Today’s Reading | Matthew 6:1–6, 16–18            

“Beware of practicing your piety before others in order to be seen by them; for then you have no reward from your Father in heaven. “So whenever you give alms, do not sound a trumpet before you, as the hypocrites do in the synagogues and in the streets, so that they may be praised by others. Truly I tell you, they have received their reward. But when you give alms, do not let your left hand know what your right hand is doing, so that your alms may be done in secret; and your Father who sees in secret will reward you.

“And whenever you pray, do not be like the hypocrites; for they love to stand and pray in the synagogues and at the street corners, so that they may be seen by others. Truly I tell you, they have received their reward. But whenever you pray, go into your room and shut the door and pray to your Father who is in secret; and your Father who sees in secret will reward you.

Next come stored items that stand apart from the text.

Definition coord_change (X UI UJ EI EJ : TopSpace) (DI : UI -> Prop) (DJ : UJ -> Prop)
    (prI : EI -> UI) (zrI sI : UI -> EI) (psiI : UI -> X)
    (prJ : EJ -> UJ) (zrJ sJ : UJ -> EJ) (psiJ : UJ -> X)
    (FI FJ : X -> Prop) (UIJ : UI -> Prop) (Phi : EI -> EJ) (phi : UI -> UJ) :=
  rel_open DI UIJ /\
  (forall x, (UIJ x /\ sI x = zrI x) <->
             (DI x /\ sI x = zrI x /\ FI (psiI x) /\ FJ (psiI x))) /\
  (forall e, UIJ (prI e) -> DJ (prJ (Phi e))) /\
  embedding (fun e => UIJ (prI e)) Phi /\
  (forall x, UIJ x -> DJ (phi x)) /\
  embedding UIJ phi /\
  (forall e, UIJ (prI e) -> prJ (Phi e) = phi (prI e)) /\
  (forall x, UIJ x -> zrJ (phi x) = Phi (zrI x)) /\
  (forall x, UIJ x -> sJ (phi x) = Phi (sI x)) /\
  (forall x, UIJ x -> sI x = zrI x -> sJ (phi x) = zrJ (phi x) /\ psiJ (phi x) = psiI x).

(* Data of a (weak) atlas indexed by subsets I of {1..N} (here 'I_N);
   basic chart K_i is the chart with index [set i].
   aUIJ I J = U_IJ, aPhi I J = Phi_IJ, aphi I J = phi_IJ, aEE I J = E_IJ ⊂ E_J. *)
Record AtlasData (N : nat) (X : TopSpace) := {
  aU : {set 'I_N} -> TopSpace;
  aE : {set 'I_N} -> TopSpace;
  apr : forall I, aE I -> aU I;
  azr : forall I, aU I -> aE I;
  asec : forall I, aU I -> aE I;
  apsi : forall I, aU I -> X;
  aUIJ : forall I J : {set 'I_N}, aU I -> Prop;
  aPhi : forall I J : {set 'I_N}, aE I -> aE J;
  aphi : forall I J : {set 'I_N}, aU I -> aU J;
  aEE : forall I J : {set 'I_N}, aE J -> Prop
}.
Arguments aU {N X} _ _.
Arguments aE {N X} _ _.
Arguments apr {N X} _ _ _.
Arguments azr {N X} _ _ _.
Arguments asec {N X} _ _ _.
Arguments apsi {N X} _ _ _.
Arguments aUIJ {N X} _ _ _ _.
Arguments aPhi {N X} _ _ _ _.
Arguments aphi {N X} _ _ _ _.
Arguments aEE {N X} _ _ _ _.

Section AtlasDefs.
Local Unset Implicit Arguments.
Variables (N : nat) (X : TopSpace).

Definition foot (F : 'I_N -> X -> Prop) (I : {set 'I_N}) : X -> Prop :=
  fun x => forall i, i \in I -> F i x.

Definition inIK (F : 'I_N -> X -> Prop) (I : {set 'I_N}) :=
  I != set0 /\ exists x, foot F I x.

Variables (K : AtlasData N X) (D : forall I : {set 'I_N}, aU K I -> Prop) (F : 'I_N -> X -> Prop).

“And whenever you fast, do not look dismal, like the hypocrites, for they disfigure their faces so as to show others that they are fasting. Truly I tell you, they have received their reward. But when you fast, put oil on your head and wash your face, so that your fasting may be seen not by others but by your Father who is in secret; and your Father who sees in secret will reward you. (NRSV)

Reflection
“Do not let your left hand know what your right hand is doing.”

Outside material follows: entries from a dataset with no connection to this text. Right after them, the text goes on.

Lemma step_total h :
  step p x0 q h CC + step p x0 q h CD + step p x0 q h DC + step p x0 q h DD = 1.
Proof. unfold step, bern; simpl; ring. Qed.

Lemma hist_prob_total k : sumR (hist_prob p x0 q) (all_hist k) = 1.
Proof.
  induction k as [| k IHk]; [simpl; lra |].
  transitivity (sumR (fun h => hist_prob p x0 q h * 1) (all_hist (S k)));
    [apply sumR_ext; intro; ring |].
  rewrite sum_all_hist_S, <- IHk; apply sumR_ext; intro h.
  pose proof (step_total h); nra.
Qed.

Lemma dot4_vround k c1 c2 c3 c4 :
  dot4 c1 c2 c3 c4 (vround p x0 q k) =
  sumR (fun h => hist_prob p x0 q h * dot4 c1 c2 c3 c4 (step p x0 q h)) (all_hist k).
Proof.
  unfold dot4, vround; rewrite <- !sumR_scal, <- !sumR_add; apply sumR_ext; intro; ring.
Qed.

Lemma vround_total k : dot4 1 1 1 1 (vround p x0 q k) = 1.
Proof.
  rewrite dot4_vround; transitivity (sumR (hist_prob p x0 q) (all_hist k));
    [apply sumR_ext; intro h | apply hist_prob_total].
  unfold dot4; rewrite !Rmult_1_l, step_total; ring.
Qed.

Lemma vround_S k o :
  vround p x0 q (S k) o =
  sumR (fun h => hist_prob p x0 q h *
     (step p x0 q h CC * step p x0 q (CC :: h) o + step p x0 q h CD * step p x0 q (CD :: h) o
      + step p x0 q h DC * step p x0 q (DC :: h) o
      + step p x0 q h DD * step p x0 q (DD :: h) o)) (all_hist k).
Proof. apply sum_all_hist_S. Qed.

(* [vround k] is the outcome of round k+1, so X's move in round k+2 is drawn from it by p. *)
Lemma vround_S_xcoop k :
  vround p x0 q (S k) CC + vround p x0 q (S k) CD =
  dot4 (p CC) (p CD) (p DC) (p DD) (vround p x0 q k).
Proof.
  rewrite !vround_S, <- sumR_add, dot4_vround; apply sumR_ext; intro h.
  unfold dot4, step, bern; simpl; ring.
Qed.

Lemma dot4_cesaro n c1 c2 c3 c4 :
  dot4 c1 c2 c3 c4 (cesaro p x0 q n) =
  sumR (fun k => dot4 c1 c2 c3 c4 (vround p x0 q k)) (seq 0 (S n)) / INR (S n).
Proof. unfold dot4, cesaro, Rdiv; rewrite !sumR_add, !sumR_scal; ring. Qed.

Lemma cesaro_total n : dot4 1 1 1 1 (cesaro p x0 q n) = 1.
Proof.
  rewrite dot4_cesaro, (sumR_ext _ (fun _ => 1)) by (intro; apply vround_total).
  rewrite sumR_const1, length_seq; field; apply not_0_INR; lia.
Qed.

Lemma cesaro_eq0 o n : (forall k, vround p x0 q k o = 0) -> cesaro p x0 q n o = 0.
Proof. intro H; unfold cesaro; rewrite sumR_eq0 by exact H; unfold Rdiv; ring. Qed.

I remember hearing that phrase for the first time in church and taking the word of God literally, as a young child often does. I stared at my chubby fists and wrinkled my nose. How was I supposed to worship God in this way? Do I tie my hand behind my back when I pray? I didn’t know how to do God’s work without letting myself—let alone other people—know about it.

In many ways, I am still like my younger self. I often find myself seeking acknowledgement or praise for doing good or making sacrifices, for doing volunteer work on a Saturday morning instead of sleeping late, for donating my old clothes instead of throwing them away. But I need to remind myself that, in exerting my efforts in this way, I am creating self-righteousness rather than receiving righteousness through God. God’s grace and forgiveness is quiet; it is unassuming; it is eternal—and we must accept God’s reward of unconditional love in the same way.

So let’s put away our trumpets. Resist the urge to blurt out our righteous accomplishments. Tie our right hands behind our backs. (OK, maybe not that last thing.) May we have the strength to quietly do that which allows us to fulfill our role as humble servants of God.

Prayer
God, fill our hearts with an unending supply of quiet grace and mercy so that we may serve you and do your work. Amen.